Gideon (Gidi) Eilat (1924–2015) was a former member of the Palmach, commander of the third battalion of the Yiftach Brigade during the 1947–1949 Palestine war. Active in the Kibbutz Artzi movement, one of the founders of the Civil Guard of the Israel Police Department, and a member of Kibbutz Beit Alfa.

Childhood
Eilat, originally “Lewald”, was born in 1924 in the city of Königsberg in East Prussia (known today as Kaliningrad under Russian sovereignty).
His mother Rivkah (Betty) was brought up in the Karlin-Hassidic dynastic tradition. She was in her profession a medical Doctor. His father Kurt (Tobi) was a Doctor of Jurisprudence. During his childhood, Gidi studied at the public school in the city of Königsberg. He became a member of the “Habbonim Dror” (builders of freedom) society. In 1933 Gidi emigrated with his family to Mandatory Palestine.

His parents settled in Tel Aviv, but he was sent to study in the educational institute of the HaShomer HaTzair located in kibbutz Mishmar HaEmek.
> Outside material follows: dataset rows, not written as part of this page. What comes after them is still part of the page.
(* Let $\Gamma$ be a group that is nilpotent of class $\le n$, let $G:=\mathrm{Cay}(\Gamma,S)$ be a Cayley graph for a generating set $S$ containing two inequivalent elements, and let $r\ge 2^{n+1}$. Suppose that for all $g,h\in S$ with $g\not\equiv h$ there exists a morpheme of $\Gamma$ in $S$ of length at most $r$ that is magic in $g$ and $h$. Then $G$ has no $r$-local cutvertex.
   Context: A generating set excludes the neutral element $\mathbb{I}$ and is closed under inverses; $\mathrm{Cay}(\Gamma,S)$ is the simple graph on $\Gamma$ with edges $\{g,gs\}$. $a\equiv b$ means $a=b$ or $a=b^{-1}$. $\Gamma$ is nilpotent of class $\le n$ if $[g,h]_n=\mathbb{I}$ for all $g\not\equiv h$, where $[g,h]_1=gh^{-1}g^{-1}h$ and $[g,h]_n$ is the reduced form of $g[g,h]_{n-1}^{-1}g^{-1}[g,h]_{n-1}$. A morpheme of $\Gamma$ in $S$ is a nonempty word in $S$ evaluating to $\mathbb{I}$ none of whose nonempty proper contiguous subwords evaluates to $\mathbb{I}$. A word $u$ is magic in $g,h$ if $u$ and $u^{-1}$ together contain at least three of $gh,hg,g^{-1}h,hg^{-1}$ as contiguous subwords. The ball $B_r(v)$ is the subgraph of all vertices and edges on closed walks of length $\le r$ through $v$; $v$ is an $r$-local cutvertex if $B_r(v)-v$ is disconnected. *)

From Stdlib Require Import List Arith Relations.
Import ListNotations.
Set Implicit Arguments.

Record Group := {
  carrier :> Type;
  gmul : carrier -> carrier -> carrier;
  ginv : carrier -> carrier;
  gone : carrier;
  gmulA : forall x y z, gmul x (gmul y z) = gmul (gmul x y) z;
  gmul1 : forall x, gmul gone x = x;
  gmulV : forall x, gmul (ginv x) x = gone
}.

Section Defs.
Variable Γ : Group.
Local Notation "x * y" := (gmul Γ x y).
Local Notation "x ^-1" := (ginv Γ x) (at level 3).
Local Notation "'I'" := (gone Γ).

Definition gequiv (a b : Γ) : Prop := a = b \/ a = b^-1.

(** [g,h]_1 = g h^-1 g^-1 h ; [g,h]_k = g [g,h]_{k-1}^-1 g^-1 [g,h]_{k-1}.
    With [g,h]_0 := h, both are the step x |-> g x^-1 g^-1 x. *)
Fixpoint itcomm (k : nat) (g h : Γ) : Γ :=
  match k with
  | O => h
  | S k' => let c := itcomm k' g h in g * (c^-1 * (g^-1 * c))
  end.

(** nilpotent of class <= n (paper's definition, n >= 1) *)
Definition nilpotent_le (n : nat) : Prop :=
  forall g h : Γ, ~ gequiv g h -> itcomm n g h = I.

Definition weval (w : list Γ) : Γ := fold_right (fun a b => a * b) I w.

Definition generating_set (S : Γ -> Prop) : Prop :=
  ~ S I /\ (forall s, S s -> S s^-1) /\
  (forall g : Γ, exists w, Forall S w /\ weval w = g).

Definition subword (u w : list Γ) : Prop := exists a b, w = a ++ u ++ b.

Definition winv (w : list Γ) : list Γ := rev (map (ginv Γ) w).

Definition morpheme (S : Γ -> Prop) (w : list Γ) : Prop :=
  w <> [] /\ Forall S w /\ weval w = I /\
  (forall a u b, w = a ++ u ++ b -> u <> [] -> (a <> [] \/ b <> []) ->
     weval u <> I).

Definition magic_word (g h : Γ) (i : nat) : list Γ :=
  match i with
  | 0 => [g; h]
  | 1 => [h; g]
  | 2 => [g^-1; h]
  | _ => [h; g^-1]
  end.

Definition magic (g h : Γ) (u : list Γ) : Prop :=
  exists i j k, i < j /\ j < k /\ k < 4 /\
    forall m, m = i \/ m = j \/ m = k ->
      subword (magic_word g h m) u \/ subword (magic_word g h m) (winv u).

Definition cay_adj (S : Γ -> Prop) (x y : Γ) : Prop := exists s, S s /\ y = x * s.
End Defs.

Section Graph.
Variable T : Type.
Variable E : T -> T -> Prop.

Fixpoint is_walk (x : T) (l : list T) : Prop :=
  match l with
  | [] => True
  | y :: l' => E x y /\ is_walk y l'
  end.

Fixpoint walk_edge (x : T) (l : list T) (a b : T) : Prop :=
  match l with
  | [] => False
  | y :: l' => ((a = x /\ b = y) \/ (a = y /\ b = x)) \/ walk_edge y l' a b
  end.

Definition short_closed_walk (r : nat) (v x0 : T) (l : list T) : Prop :=
  is_walk x0 l /\ last l x0 = x0 /\ length l <= r /\ In v (x0 :: l).

Definition ballV (r : nat) (v x : T) : Prop :=
  exists x0 l, short_closed_walk r v x0 l /\ In x (x0 :: l).

Definition ballE (r : nat) (v a b : T) : Prop :=
  exists x0 l, short_closed_walk r v x0 l /\ walk_edge x0 l a b.

Definition ball_minus_E (r : nat) (v a b : T) : Prop :=
  ballE r v a b /\ a <> v /\ b <> v.

Definition local_cutvertex (r : nat) (v : T) : Prop :=
  exists x y, ballV r v x /\ x <> v /\ ballV r v y /\ y <> v /\
    ~ clos_refl_trans T (ball_minus_E r v) x y.
End Graph.

From Stdlib Require Import List Arith Relations Lia Classical.
Import ListNotations.

(* Every vertex x <> v of B_r(v) lies on a closed walk of length <= r through
   v; walking along it from x to the nearest occurrence of v joins x, inside
   B_r(v) - v, to a neighbour v s of v.  A morpheme of length <= r containing
   the subword x y, read from v cyclically starting with y, is a closed walk
   through v that returns to v only at its end; hence v y and v x^-1 are
   joined in B_r(v) - v.  A morpheme magic in g, h yields three of the four
   joins  v h ~ v g^-1,  v g ~ v h^-1,  v h ~ v g,  v g^-1 ~ v h^-1, which
   form a 4-cycle, so v g^(+-1) and v h^(+-1) are all joined.  Since S has two
   inequivalent elements, every s in S is inequivalent to one of them, and all
   neighbours of v are joined. *)

Section GroupFacts.
Variable G : Group.
Local Notation "x * y" := (gmul G x y).
Local Notation "x ^-1" := (ginv G x) (at level 3).
Local Notation "'I'" := (gone G).

Lemma mulgV (x : G) : x * x^-1 = I.
Proof.
  rewrite <- (gmul1 G (x * x^-1)), <- (gmulV G x^-1) at 1.
  rewrite <- gmulA, (gmulA G x^-1 x x^-1), gmulV, gmul1.
  apply gmulV.
Qed.

Lemma mulg1 (x : G) : x * I = x.
Proof. rewrite <- (gmulV G x), gmulA, mulgV. apply gmul1. Qed.

Lemma mulgI (z x y : G) : z * x = z * y -> x = y.
Proof.
  intro E.
  rewrite <- (gmul1 G x), <- (gmul1 G y), <- (gmulV G z), <- !gmulA, E.
  reflexivity.
Qed.

Lemma mulg_eq1_inv (x y : G) : x * y = I -> y = x^-1.
Proof.
  intro E. rewrite <- (gmul1 G y), <- (gmulV G x), <- gmulA, E. apply mulg1.
Qed.

Lemma invgK (x : G) : x^-1^-1 = x.
Proof. symmetry. apply mulg_eq1_inv, gmulV. Qed.

Lemma mulg_eq1_comm (x y : G) : x * y = I -> y * x = I.
Proof. intro E. apply mulg_eq1_inv in E. subst. apply gmulV. Qed.

Lemma invMg (x y : G) : (x * y)^-1 = y^-1 * x^-1.
Proof.
  symmetry. apply mulg_eq1_inv.
  rewrite <- gmulA, (gmulA G y), mulgV, gmul1. apply mulgV.
Qed.

Lemma invg1 : I^-1 = I.
Proof. symmetry. apply mulg_eq1_inv, gmul1. Qed.

Lemma gequiv_sym (a b : G) : gequiv G a b -> gequiv G b a.
Proof. intros [->| ->]; [left | right; rewrite invgK]; reflexivity. Qed.

Lemma gequiv_trans (a b c : G) : gequiv G a b -> gequiv G b c -> gequiv G a c.
Proof.
  intros [->| ->] [->| ->]; unfold gequiv; rewrite ?invgK; auto.
Qed.

Lemma weval_cat (p q : list G) : weval G (p ++ q) = weval G p * weval G q.
Proof.
  induction p as [|s p IH]; simpl.
  - rewrite gmul1. reflexivity.
  - rewrite IH, gmulA. reflexivity.
Qed.

Lemma winv_cat (p q : list G) : winv G (p ++ q) = winv G q ++ winv G p.
Proof. unfold winv. rewrite map_app, rev_app_distr. reflexivity. Qed.

Lemma winvK (p : list G) : winv G (winv G p) = p.
Proof.
  unfold winv. rewrite map_rev, rev_involutive, map_map.
  induction p as [|s p IH]; simpl; rewrite ?invgK, ?IH; reflexivity.
Qed.

Lemma weval_winv (p : list G) : weval G (winv G p) = (weval G p)^-1.
Proof.
  induction p as [|s p IH]; simpl.
  - rewrite invg1. reflexivity.
  - change (s :: p) with ([s] ++ p).
    rewrite winv_cat, weval_cat, IH, invMg. simpl. rewrite mulg1. reflexivity.
Qed.

Lemma winv_eq_nil (p : list G) : winv G p = [] -> p = [].
Proof.
  unfold winv. intro E. apply (f_equal (@length G)) in E.
  rewrite length_rev, length_map in E. destruct p; [reflexivity | discriminate].
Qed.

Lemma length_winv (p : list G) : length (winv G p) = length p.
Proof. unfold winv. rewrite length_rev, length_map. reflexivity. Qed.

End GroupFacts.

Section Morphemes.
Variables (G : Group) (S : G -> Prop).
Local Notation "x * y" := (gmul G x y).
Local Notation "x ^-1" := (ginv G x) (at level 3).
Local Notation "'I'" := (gone G).

Lemma morpheme_winv (w : list G) :
  (forall s, S s -> S s^-1) -> morpheme G S w -> morpheme G S (winv G w).
Proof.
  intros S_inv [Hne [HS [Hw Hmin]]]. split; [|split; [|split]].
  - intro E. apply Hne, winv_eq_nil, E.
  - unfold winv. apply Forall_rev, Forall_map.
    eapply Forall_impl; [exact S_inv | exact HS].
  - rewrite weval_winv, Hw. apply invg1.
  - intros a u b E Hu Hab Hev. apply (Hmin (winv G b) (winv G u) (winv G a)).
    + rewrite <- (winvK G w), E, !winv_cat, app_assoc. reflexivity.
    + intro C. apply Hu, winv_eq_nil, C.
    + destruct Hab as [Ha | Hb]; [right | left]; intro C;
        apply winv_eq_nil in C; contradiction.
    + rewrite weval_winv, Hev. apply invg1.
Qed.

Lemma morpheme_rot1 (x : G) (w : list G) :
  morpheme G S (x :: w) -> morpheme G S (w ++ [x]).
Proof.
  intros [_ [HS [Hw Hmin]]]. inversion HS as [|? ? Sx Sw]; subst.
  assert (Hw' : weval G w * x = I).
  { apply mulg_eq1_comm. exact Hw. }
  split; [|split; [|split]].
  - destruct w; discriminate.
  - apply Forall_app. auto.
  - rewrite weval_cat. simpl. rewrite mulg1. exact Hw'.
  - intros a u b E Hu Hab Hev. destruct b as [|z b].
    + (* u = u' ++ [x] is a proper suffix; then the prefix a of w is trivial *)
      destruct (exists_last Hu) as [u' [y ->]].
      rewrite app_nil_r, app_assoc in E. apply app_inj_tail in E.
      destruct E as [-> <-].
      destruct Hab as [Ha | []]; [|reflexivity].
      apply (Hmin [x] a u'); [reflexivity | exact Ha | left; discriminate |].
      rewrite weval_cat in Hev. simpl in Hev. rewrite mulg1 in Hev.
      simpl in Hw. apply mulg_eq1_comm in Hw.
      rewrite weval_cat, <- gmulA, Hev, mulg1 in Hw. exact Hw.
    + destruct (exists_last (l := z :: b) ltac:(discriminate)) as [b' [y E']].
      rewrite E', !app_assoc in E. apply app_inj_tail in E. destruct E as [E _].
      rewrite <- app_assoc in E.
      apply (Hmin (x :: a) u b'); [rewrite E; reflexivity | exact Hu |
        left; discriminate | exact Hev].
Qed.

Lemma morpheme_rot (a c : list G) :
  morpheme G S (a ++ c) -> morpheme G S (c ++ a).
Proof.
  revert c. induction a as [|x a IH]; intros c Hm.
  - rewrite app_nil_r. exact Hm.
  - apply morpheme_rot1 in Hm. rewrite <- app_assoc in Hm.
    apply IH in Hm. rewrite <- app_assoc in Hm. exact Hm.
Qed.

Lemma morpheme_prefix_neq1 (p q : list G) :
  morpheme G S (p ++ q) -> p <> [] -> q <> [] -> weval G p <> I.
Proof.
  intros [_ [_ [_ Hmin]]] Hp Hq. apply (Hmin [] p q); auto.
Qed.

End Morphemes.

Section Walks.
Variables (T : Type) (E : T -> T -> Prop).

Lemma clos_rt_sym (R : T -> T -> Prop) :
  (forall a b, R a b -> R b a) ->
  forall x y, clos_refl_trans T R x y -> clos_refl_trans T R y x.
Proof.
  intros R_sym x y H. induction H.
  - apply rt_step, R_sym. assumption.
  - apply rt_refl.
  - eapply rt_trans; eassumption.
Qed.

Lemma last_cons (x d : T) (l : list T) : last (x :: l) d = last l x.
Proof.
  revert x d. induction l as [|y l IH]; intros x d; [reflexivity|].
  change (last (y :: l) d = last (y :: l) x). rewrite !IH. reflexivity.
Qed.

Lemma In_last (x : T) (l : list T) : In (last l x) (x :: l).
Proof.
  destruct l as [|y l]; [left; reflexivity|].
  destruct (exists_last (l := y :: l) ltac:(discriminate)) as [l' [z ->]].
  rewrite last_last. right. apply in_or_app. right. left. reflexivity.
Qed.

Lemma walk_edge_app_l (x a b : T) (l1 l2 : list T) :
  walk_edge x l1 a b -> walk_edge x (l1 ++ l2) a b.
Proof.
  revert x. induction l1 as [|y l1 IH]; intros x H; simpl in *; [contradiction|].
  destruct H; auto.
Qed.

Lemma walk_edge_sym (x a b : T) (l : list T) :
  walk_edge x l a b -> walk_edge x l b a.
Proof.
  revert x. induction l as [|y l IH]; intros x H; simpl in *; [contradiction|].
  destruct H as [[[-> ->] | [-> ->]] | H]; auto.
Qed.

Lemma ball_minus_E_sym (r : nat) (v a b : T) :
  ball_minus_E E r v a b -> ball_minus_E E r v b a.
Proof.
  intros [[x0 [l [Hw He]]] [Ha Hb]]. split; [|auto].
  exists x0, l. split; [exact Hw | apply walk_edge_sym, He].
Qed.

Section Avoiding.
Variables (R : T -> T -> Prop) (v : T).

Lemma avoiding_walk_connected (x0 : T) (l : list T) :
  (forall a b, walk_edge x0 l a b -> a <> v -> b <> v -> R a b) ->
  ~ In v (x0 :: l) -> forall x, In x (x0 :: l) -> clos_refl_trans T R x0 x.
Proof.
  revert x0. induction l as [|y l IH]; intros x0 HR Hv x Hx.
  - destruct Hx as [<- | []]. apply rt_refl.
  - destruct Hx as [<- | Hx]; [apply rt_refl|].
    apply rt_trans with y.
    + apply rt_step, HR; [simpl; auto | |]; intro C; apply Hv; subst; simpl; auto.
    + apply IH; [intros; apply HR; simpl; auto | |exact Hx].
      intro C; apply Hv; right; exact C.
Qed.

Hypothesis R_sym : forall a b, R a b -> R b a.

Lemma walk_connected_to_neighbour (x0 : T) (l : list T) :
  is_walk E x0 l ->
  (forall a b, walk_edge x0 l a b -> a <> v -> b <> v -> R a b) ->
  In v (x0 :: l) -> forall x, In x (x0 :: l) -> x <> v ->
  exists y, (E v y \/ E y v) /\ clos_refl_trans T R x y.
Proof.
  revert x0. induction l as [|y l IH]; intros x0 Hw HR Hv x Hx Hxv.
  { destruct Hv as [Hv | []], Hx as [Hx | []]. congruence. }
  destruct Hw as [Hx0y Hw].
  assert (HR' : forall a b, walk_edge y l a b -> a <> v -> b <> v -> R a b)
    by (intros; apply HR; simpl; auto).
  destruct Hx as [-> | Hx].
  - destruct (classic (y = v)) as [-> | Hyv].
    + exists x. split; [right; exact Hx0y | apply rt_refl].
    + destruct Hv as [-> | Hv]; [contradiction|].
      destruct (IH y Hw HR' Hv y (or_introl eq_refl) Hyv) as [z [Hz Hyz]].
      exists z. split; [exact Hz|].
      apply rt_trans with y; [apply rt_step, HR; simpl; auto | exact Hyz].
  - destruct (classic (In v (y :: l))) as [Hv' | Hv'].
    + exact (IH y Hw HR' Hv' x Hx Hxv).
    + destruct Hv as [Hx0v | Hv]; [rewrite Hx0v in Hx0y | contradiction].
      exists y. split; [left; exact Hx0y|].
      apply clos_rt_sym; [exact R_sym|].
      exact (avoiding_walk_connected y l HR' Hv' x Hx).
Qed.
Gidi studied there for two years and that was his first encounter with the HaShomer HaTzair movement, and the Kibbutz Artzi. During Junior High School he attended a worker's children school (Beit Hinuch L’ ieladei ovdim) in Tel Aviv. After finishing he signed up in Tichon Hadash, there he became the first student enrolled in the school.
During his teen years, he joined a branch of the HaShomer HaTzair in Tel Aviv. Together with his classmates he became part of a group known as Gdud HaSade whose mission was to join kibbutz Beit Alfa. While a junior in High School, he interrupted his studies for one year, to be the organizer of all senior students throughout Israel who joined the defense forces then being set up.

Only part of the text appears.